* [Problem statement] Find where "From mathcomp Require" appears in the entries below. That line and all lines after it, through the last, are to be duplicated exactly, with nothing else.

* [Records provided]
(* For $n\ge2$, the subgroup $\langle\rho_1,\dots,\rho_{n-1}\rangle$ of $TVB_n$ is isomorphic to $S_n$ (via $\rho_i\mapsto(i,i+1)$), and $TVB_n$ is the internal semidirect product $TVB_n=TVP_n\rtimes\langle\rho_1,\dots,\rho_{n-1}\rangle$, where the action on $TVP_n$ by conjugation is given by permutation of indices: for $a\in\langle\rho_1,\dots,\rho_{n-1}\rangle$ with image $\bar a\in S_n$, $a^{-1}\lambda_{ij}a=\lambda_{(i)\bar a,(j)\bar a}$ and $a^{-1}\gamma_i a=\gamma_{(i)\bar a}$.
   Context: For $n\ge 2$, the twisted virtual braid group $TVB_n$ is the group with generators $\sigma_1,\dots,\sigma_{n-1}$, $\rho_1,\dots,\rho_{n-1}$, $\gamma_1,\dots,\gamma_n$ and defining relations: $\sigma_i\sigma_{i+1}\sigma_i=\sigma_{i+1}\sigma_i\sigma_{i+1}$ ($1\le i\le n-2$); $\sigma_i\sigma_j=\sigma_j\sigma_i$ ($|i-j|\ge 2$); $\rho_i^2=1$; $\rho_i\rho_j=\rho_j\rho_i$ ($|i-j|\ge2$); $\rho_i\rho_{i+1}\rho_i=\rho_{i+1}\rho_i\rho_{i+1}$ ($1\le i\le n-2$); $\sigma_i\rho_j=\rho_j\sigma_i$ ($|i-j|\ge 2$); $\rho_i\rho_{i+1}\sigma_i=\sigma_{i+1}\rho_i\rho_{i+1}$ ($1\le i\le n-2$); $\gamma_i^2=1$ and $\gamma_i\gamma_j=\gamma_j\gamma_i$ (all $i,j$); $\gamma_j\rho_i=\rho_i\gamma_j$ and $\gamma_j\sigma_i=\sigma_i\gamma_j$ for $j\notin\{i,i+1\}$; $\rho_i\gamma_i=\gamma_{i+1}\rho_i$ ($1\le i\le n-1$); $\rho_i\sigma_i\rho_i=\gamma_{i+1}\gamma_i\sigma_i\gamma_i\gamma_{i+1}$ ($1\le i\le n-1$). $\varphi_P:TVB_n\to S_n$ is the homomorphism with $\sigma_i\mapsto(i,i+1)$, $\rho_i\mapsto(i,i+1)$, $\gamma_j\mapsto e$, and $TVP_n=\ker\varphi_P$. In $TVB_n$ define $\lambda_{i,i+1}=\rho_i\sigma_i^{-1}$, $\lambda_{i+1,i}=\rho_i\lambda_{i,i+1}\rho_i$ ($1\le i\le n-1$), and for $1\le i<j-1\le n-1$: $\lambda_{ij}=\rho_{j-1}\cdots\rho_{i+1}\lambda_{i,i+1}\rho_{i+1}\cdots\rho_{j-1}$, $\lambda_{ji}=\rho_{j-1}\cdots\rho_{i+1}\lambda_{i+1,i}\rho_{i+1}\cdots\rho_{j-1}$. Permutations act on the right, $(k)\bar a$ being the image of $k$. *)

(* The twisted virtual braid group TVB_n is encoded by its
   presentation: words over the generators and their inverses, modulo the
   congruence generated by free cancellation and the defining relations. *)
From mathcomp Require Import all_boot all_fingroup.
Set Implicit Arguments. Unset Strict Implicit. Unset Printing Implicit Defensive.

* [Solution for this problem]
From mathcomp Require Import all_boot all_fingroup.
Set Implicit Arguments. Unset Strict Implicit. Unset Printing Implicit Defensive.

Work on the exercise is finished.